Methinks NCCT Stroke is a radiological computer aided triage and notification software indicated for use in the analysis of (1) non-contrast head CT (NCCT) images. The device is intended to assist hospital networks and trained physicians in workflow triage by flagging and communicating suspected positive findings of (1) Intracranial Hemorrhage (ICH) and (2) Large Vessel Occlusion (LVO) of the ICA, MCA-M1 and MCA-M2.

Methinks NCCT Stroke uses an artificial intelligence algorithm to analyze images and highlight cases with suspected (1) ICH and (2) LVO in the cloud in parallel to the ongoing standard of care image interpretation. The user is presented with notifications for cases with suspected ICH or LVO findings via PACS and/or notifications. Notifications include preview images that are meant for informational purposes only, and are not intended for diagnostic use beyond notification.

The device does not alter the original medical image, and it is not intended to be used as a primary diagnostic device. The results of Methinks NCCT Stroke are intended to be used in conjunction with other patient information and based on professional judgment to assist with triage/prioritization of medical images. Notified clinicians are ultimately responsible for reviewing full images per the standard of care. Methinks NCCT Stroke is for adults only.

Device Description

Methinks NCCT Stroke is a radiological computer-assisted triage and notification software device.

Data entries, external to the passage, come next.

(* Assume coarse consistency, coarse positivity and coarse time-varying conditional parallel trends (all defined in the context). Then the true coarse blip functions $\gamma^{c*}$ satisfy, for all $0\le m<k\le K$, almost surely on $\{T\ge m\}$, $$E[H^c_{mk}(\gamma^{c*})-H^c_{m,k-1}(\gamma^{c*})\mid T\ge m,A_m,\bar L_m]=E[H^c_{mk}(\gamma^{c*})-H^c_{m,k-1}(\gamma^{c*})\mid T>m,\bar L_m]. \qquad ( * )$$ Moreover, $\gamma^{c*}$ is the unique vector of functions with this property. If $\gamma^c=(\gamma^c_{mk}(\bar l_m,a_m))_{0\le m<k\le K}$ satisfies $( * )$ for all $0\le m<k\le K$, then $\gamma^c_{mk}(\bar L_m,A_m)=\gamma^{c*}_{mk}(\bar L_m,A_m)$ almost surely on $\{T=m\}$ for all $m<k$.
   Context: **Data.** Subjects are observed at times $0,1,\dots,K$. At each time $m$ the data $(Z_m,Y_m,A_m)$ are collected in that temporal order: - $A_m$ is the treatment at time $m$, coded so that $0$ is the baseline level; - $Y_m$ is the outcome; - $Z_m$ are other covariates. For a time-varying variable $X$, write $\bar X_m=(X_0,\dots,X_m)$; negative-index variables are null. Define $\bar L_m=(\bar Z_m,\bar Y_{m-1},\bar A_{m-1})$. **Treatment initiation.** $T=\min\{m:A_m\neq 0\}\in\{0,\dots,K,\infty\}$, with $T=\infty$ if treatment is never initiated. **Counterfactuals.** $Y_k(m,a_m)$ is the counterfactual outcome at time $k$ under first initiating treatment at time $m$ at value $a_m$. $Y_k(\infty)$ is the counterfactual under never initiating. Also $Y_k(m,a_m)=Y_k(\infty)$ for $k\le m$. **Assumptions.** - Coarse consistency: $Y_k=Y_k(T,A_T)$ on $\{T<k\}$ and $Y_k=Y_k(\infty)$ on $\{T\ge k\}$. - Coarse positivity: for every $m$, $P(A_m=0\mid\bar L_m,T\ge m)>0$ (positive density at $0$) almost surely on $\{T\ge m\}$. - Coarse parallel trends: for all $m<k$, $$E[Y_k(\infty)-Y_{k-1}(\infty)\mid T=m,A_m,\bar L_m]=E[Y_k(\infty)-Y_{k-1}(\infty)\mid T>m,\bar L_m].$$ **Coarse blip functions.** $$\gamma^{c*}_{mk}(\bar l_m,a_m)\equiv E[Y_k(m,a_m)-Y_k(\infty)\mid T=m,A_m=a_m,\bar L_m=\bar l_m].$$ **Blipped-down outcomes.** - $H^c_{mk}(\gamma^c)\equiv Y_k-\sum_{j=m}^{k-1}\gamma^c_{jk}(\bar L_j,A_j)\mathbb 1\{T=j\}$ for $k>m$; - $H^c_{mm}(\gamma^c)\equiv Y_m$. *)

From HB Require Import structures.
From mathcomp Require Import all_boot all_order all_algebra.
From mathcomp Require Import all_classical all_reals all_analysis.
Set Implicit Arguments. Unset Strict Implicit. Unset Printing Implicit Defensive.
Import Order.TTheory GRing.Theory Num.Theory.
Local Open Scope classical_set_scope.
Local Open Scope ring_scope.

Section CoarseDefs.
Context {R : realType} {d : measure_display} {Omega : measurableType d}.

(* {T >= m}: no treatment before time m (T = min{j : A_j <> 0}, or oo) *)
Definition Tge (A : nat -> Omega -> R) (m : nat) : set Omega :=
  [set w | forall j, (j < m)%N -> A j w = 0].
Definition Teq (A : nat -> Omega -> R) (m : nat) : set Omega :=
  Tge A m `&` [set w | A m w != 0].
Definition Tgt (A : nat -> Omega -> R) (m : nat) : set Omega := Tge A m.+1.

(* generators of sigma(Lbar_m), Lbar_m = (Zbar_m, Ybar_{m-1}, Abar_{m-1}) *)
Definition hist_gen {dz : measure_display} {Zt : measurableType dz}
  (Z : nat -> Omega -> Zt) (Y A : nat -> Omega -> R) (m : nat) : set (set Omega) :=
  [set S | (exists j (U : set Zt), (j <= m)%N /\ measurable U /\ S = Z j @^-1` U)
        \/ (exists j (U : set R), (j < m)%N /\ measurable U /\ S = Y j @^-1` U)
        \/ (exists j (U : set R), (j < m)%N /\ measurable U /\ S = A j @^-1` U)].

Definition Lsig {dz : measure_display} {Zt : measurableType dz}
  (Z : nat -> Omega -> Zt) (Y A : nat -> Omega -> R) (m : nat) : set (set Omega) :=
  <<s hist_gen Z Y A m >>.

Definition LAsig {dz : measure_display} {Zt : measurableType dz}
  (Z : nat -> Omega -> Zt) (Y A : nat -> Omega -> R) (m : nat) : set (set Omega) :=
  <<s hist_gen Z Y A m `|` [set S | exists U : set R, measurable U /\ S = A m @^-1` U] >>.

(* f is a version of E[X | B, G] on the event B: f is G-measurable, X and f are
   integrable on B, and E[X 1_B 1_S] = E[f 1_B 1_S] for every S in G. *)
Definition cexp_version (P : probability Omega R) (G : set (set Omega))
  (B : set Omega) (X f : Omega -> R) : Prop :=
  [/\ (forall U : set R, measurable U -> G (f @^-1` U)),
      P.-integrable B (EFin \o X),
      P.-integrable B (EFin \o f) &
      forall S, G S ->
        (\int[P]_(w in B `&` S) (X w)%:E = \int[P]_(w in B `&` S) (f w)%:E)%E].

(* blipped-down outcome H^c_{mk}(gamma); for k = m the sum is empty, giving Y_m *)
Definition Hc (Y A : nat -> Omega -> R) (gamma : nat -> nat -> Omega -> R)
  (m k : nat) (w : Omega) : R :=
  Y k w - \sum_(m <= j < k) gamma j k w * (\1_(Teq A j) w : R).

The device receives Non-Contrast Computed Tomography (NCCT) images and processes them to provide triage and notification prioritization of suspected Intracranial Hemorrhage (ICH) and Large Vessel Occlusion (LVO) of the ICA, MCA-M1 and MCA-M2. The Methinks NCCT Stroke device is an AI/ML Software as a Medical Device. The outputs of the device are intended to be used by trained clinicians in the prioritization of patients with suspected ICH and/or LVO.

AI/ML Overview

The provided FDA 510(k) clearance letter for the Methinks NCCT Stroke device details the acceptance criteria and the study that proves the device meets these criteria. Here's a breakdown of the requested information:

Acceptance Criteria and Reported Device Performance

Table of Acceptance Criteria and Reported Device Performance

The acceptance criteria are implied by the reported performance metrics, primarily sensitivity (Se) and specificity (Sp), for both Intracranial Hemorrhage (ICH) and Large Vessel Occlusion (LVO) detection. The document states that "Sensitivity and specificity exceed the pre-specified performance goals for ICH and LVO," although the exact numerical "goals" are not explicitly stated. The performance of the device against human readers is also an implicit acceptance criterion.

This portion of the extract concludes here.